• [What you are asked to do]
All of the data should be restated exactly as it stands.

☆ ☆ ☆ ☆

(* $\mathsf{G}_\mathbb{R} = \mathsf{G}_{\mathrm{rel}}$; that is, an $\mathcal L$-formula is valid over the class of all flows (real-valued semantics) if and only if it is valid over the class of all bi-relational frames.
   Context: Fix a countably infinite set $\mathbb P$ of propositional variables. The language $\mathcal L$ is given by the grammar $\varphi,\psi ::= p \mid \varphi\wedge\psi \mid \varphi\vee\psi \mid \varphi\Rightarrow\psi \mid \varphi\Leftarrow\psi \mid \mathsf X\varphi \mid \mathsf Y\varphi \mid \mathsf G\varphi \mid \mathsf H\varphi \mid \varphi\,\mathsf U\,\psi \mid \varphi\,\mathsf S\,\psi$ with $p\in\mathbb P$ ($\Leftarrow$ is co-implication). Abbreviations: $\top:=p_0\Rightarrow p_0$, $\bot:=p_0\Leftarrow p_0$ for a fixed $p_0\in\mathbb P$, $\neg\varphi:=\varphi\Rightarrow\bot$, $\varphi\Leftrightarrow\psi:=(\varphi\Rightarrow\psi)\wedge(\psi\Rightarrow\varphi)$, $\mathsf F\varphi:=\top\,\mathsf U\,\varphi$, $\mathsf P\varphi:=\top\,\mathsf S\,\varphi$. Real-valued semantics: a flow is a pair $(T,S)$ with $S\colon T\to T$ a bijection. A real valuation is $V\colon\mathcal L\times T\to[0,1]$ such that for all $t$: $V(\varphi\wedge\psi,t)=\min\{V(\varphi,t),V(\psi,t)\}$; $V(\varphi\vee\psi,t)=\max\{V(\varphi,t),V(\psi,t)\}$; $V(\varphi\Rightarrow\psi,t)=1$ if $V(\varphi,t)\le V(\psi,t)$ and $=V(\psi,t)$ otherwise; $V(\varphi\Leftarrow\psi,t)=0$ if $V(\varphi,t)\le V(\psi,t)$ and $=V(\varphi,t)$ otherwise; $V(\mathsf X\varphi,t)=V(\varphi,S(t))$; $V(\mathsf Y\varphi,t)=V(\varphi,S^{-1}(t))$; $V(\mathsf G\varphi,t)=\inf_{n\ge0}V(\varphi,S^n(t))$; $V(\mathsf H\varphi,t)=\inf_{n\ge0}V(\varphi,S^{-n}(t))$; $V(\varphi\,\mathsf U\,\psi,t)=\sup_{n\ge0}\min\{V(\varphi,S^0(t)),\dots,V(\varphi,S^{n-1}(t)),V(\psi,S^n(t))\}$; $V(\varphi\,\mathsf S\,\psi,t)=\sup_{n\ge0}\min\{V(\varphi,S^0(t)),\dots,V(\varphi,S^{-(n-1)}(t)),V(\psi,S^{-n}(t))\}$. $\mathsf G_\mathbb R$ is the set of $\varphi$ with $V(\varphi,t)=1$ for every flow, every real valuation on it and every $t$. Bi-relational semantics: a bi-relational frame is $(W,T,\le,S)$ with $(W,\le)$ a linear order and $(T,S)$ a flow. A bi-relational valuation is $[\![\cdot]\!]\colon\mathcal L\to 2^{W\times T}$ with each $[\![p]\!]$ downward closed in the first coordinate (if $(w,t)\in[\![p]\!]$ and $v\le w$ then $(v,t)\in[\![p]\!]$), and: $[\![\varphi\wedge\psi]\!]=[\![\varphi]\!]\cap[\![\psi]\!]$; $[\![\varphi\vee\psi]\!]=[\![\varphi]\!]\cup[\![\psi]\!]$; $(w,t)\in[\![\varphi\Rightarrow\psi]\!]$ iff for all $v\le w$, $(v,t)\in[\![\varphi]\!]$ implies $(v,t)\in[\![\psi]\!]$; $(w,t)\in[\![\varphi\Leftarrow\psi]\!]$ iff there is $v\ge w$ with $(v,t)\in[\![\varphi]\!]$ and $(v,t)\notin[\![\psi]\!]$; $(w,t)\in[\![\mathsf X\varphi]\!]$ iff $(w,S(t))\in[\![\varphi]\!]$; $(w,t)\in[\![\mathsf Y\varphi]\!]$ iff $(w,S^{-1}(t))\in[\![\varphi]\!]$; $(w,t)\in[\![\mathsf G\varphi]\!]$ iff $(w,S^n(t))\in[\![\varphi]\!]$ for all $n\ge0$; $(w,t)\in[\![\mathsf H\varphi]\!]$ iff $(w,S^{-n}(t))\in[\![\varphi]\!]$ for all $n\ge0$; $(w,t)\in[\![\varphi\,\mathsf U\,\psi]\!]$ iff there is $n\ge0$ with $(w,S^i(t))\in[\![\varphi]\!]$ for $0\le i<n$ and $(w,S^n(t))\in[\![\psi]\!]$; $(w,t)\in[\![\varphi\,\mathsf S\,\psi]\!]$ iff there is $n\ge0$ with $(w,S^{-i}(t))\in[\![\varphi]\!]$ for $0\le i<n$ and $(w,S^{-n}(t))\in[\![\psi]\!]$. $\mathsf G_{\mathrm{rel}}$ is the set of $\varphi$ with $[\![\varphi]\!]=W\times T$ for every bi-relational frame and every valuation on it. *)

From Stdlib Require Import Reals List.
Import ListNotations.
Open Scope R_scope.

☆ ☆ ☆ ☆

• [Result for this exercise]
(* $\mathsf{G}_\mathbb{R} = \mathsf{G}_{\mathrm{rel}}$; that is, an $\mathcal L$-formula is valid over the class of all flows (real-valued semantics) if and only if it is valid over the class of all bi-relational frames.
   Context: Fix a countably infinite set $\mathbb P$ of propositional variables. The language $\mathcal L$ is given by the grammar $\varphi,\psi ::= p \mid \varphi\wedge\psi \mid \varphi\vee\psi \mid \varphi\Rightarrow\psi \mid \varphi\Leftarrow\psi \mid \mathsf X\varphi \mid \mathsf Y\varphi \mid \mathsf G\varphi \mid \mathsf H\varphi \mid \varphi\,\mathsf U\,\psi \mid \varphi\,\mathsf S\,\psi$ with $p\in\mathbb P$ ($\Leftarrow$ is co-implication). Abbreviations: $\top:=p_0\Rightarrow p_0$, $\bot:=p_0\Leftarrow p_0$ for a fixed $p_0\in\mathbb P$, $\neg\varphi:=\varphi\Rightarrow\bot$, $\varphi\Leftrightarrow\psi:=(\varphi\Rightarrow\psi)\wedge(\psi\Rightarrow\varphi)$, $\mathsf F\varphi:=\top\,\mathsf U\,\varphi$, $\mathsf P\varphi:=\top\,\mathsf S\,\varphi$. Real-valued semantics: a flow is a pair $(T,S)$ with $S\colon T\to T$ a bijection. A real valuation is $V\colon\mathcal L\times T\to[0,1]$ such that for all $t$: $V(\varphi\wedge\psi,t)=\min\{V(\varphi,t),V(\psi,t)\}$; $V(\varphi\vee\psi,t)=\max\{V(\varphi,t),V(\psi,t)\}$; $V(\varphi\Rightarrow\psi,t)=1$ if $V(\varphi,t)\le V(\psi,t)$ and $=V(\psi,t)$ otherwise; $V(\varphi\Leftarrow\psi,t)=0$ if $V(\varphi,t)\le V(\psi,t)$ and $=V(\varphi,t)$ otherwise; $V(\mathsf X\varphi,t)=V(\varphi,S(t))$; $V(\mathsf Y\varphi,t)=V(\varphi,S^{-1}(t))$; $V(\mathsf G\varphi,t)=\inf_{n\ge0}V(\varphi,S^n(t))$; $V(\mathsf H\varphi,t)=\inf_{n\ge0}V(\varphi,S^{-n}(t))$; $V(\varphi\,\mathsf U\,\psi,t)=\sup_{n\ge0}\min\{V(\varphi,S^0(t)),\dots,V(\varphi,S^{n-1}(t)),V(\psi,S^n(t))\}$; $V(\varphi\,\mathsf S\,\psi,t)=\sup_{n\ge0}\min\{V(\varphi,S^0(t)),\dots,V(\varphi,S^{-(n-1)}(t)),V(\psi,S^{-n}(t))\}$. $\mathsf G_\mathbb R$ is the set of $\varphi$ with $V(\varphi,t)=1$ for every flow, every real valuation on it and every $t$. Bi-relational semantics: a bi-relational frame is $(W,T,\le,S)$ with $(W,\le)$ a linear order and $(T,S)$ a flow. A bi-relational valuation is $[\![\cdot]\!]\colon\mathcal L\to 2^{W\times T}$ with each $[\![p]\!]$ downward closed in the first coordinate (if $(w,t)\in[\![p]\!]$ and $v\le w$ then $(v,t)\in[\![p]\!]$), and: $[\![\varphi\wedge\psi]\!]=[\![\varphi]\!]\cap[\![\psi]\!]$; $[\![\varphi\vee\psi]\!]=[\![\varphi]\!]\cup[\![\psi]\!]$; $(w,t)\in[\![\varphi\Rightarrow\psi]\!]$ iff for all $v\le w$, $(v,t)\in[\![\varphi]\!]$ implies $(v,t)\in[\![\psi]\!]$; $(w,t)\in[\![\varphi\Leftarrow\psi]\!]$ iff there is $v\ge w$ with $(v,t)\in[\![\varphi]\!]$ and $(v,t)\notin[\![\psi]\!]$; $(w,t)\in[\![\mathsf X\varphi]\!]$ iff $(w,S(t))\in[\![\varphi]\!]$; $(w,t)\in[\![\mathsf Y\varphi]\!]$ iff $(w,S^{-1}(t))\in[\![\varphi]\!]$; $(w,t)\in[\![\mathsf G\varphi]\!]$ iff $(w,S^n(t))\in[\![\varphi]\!]$ for all $n\ge0$; $(w,t)\in[\![\mathsf H\varphi]\!]$ iff $(w,S^{-n}(t))\in[\![\varphi]\!]$ for all $n\ge0$; $(w,t)\in[\![\varphi\,\mathsf U\,\psi]\!]$ iff there is $n\ge0$ with $(w,S^i(t))\in[\![\varphi]\!]$ for $0\le i<n$ and $(w,S^n(t))\in[\![\psi]\!]$; $(w,t)\in[\![\varphi\,\mathsf S\,\psi]\!]$ iff there is $n\ge0$ with $(w,S^{-i}(t))\in[\![\varphi]\!]$ for $0\le i<n$ and $(w,S^{-n}(t))\in[\![\psi]\!]$. $\mathsf G_{\mathrm{rel}}$ is the set of $\varphi$ with $[\![\varphi]\!]=W\times T$ for every bi-relational frame and every valuation on it. *)

From Stdlib Require Import Reals List.
Import ListNotations.
Open Scope R_scope.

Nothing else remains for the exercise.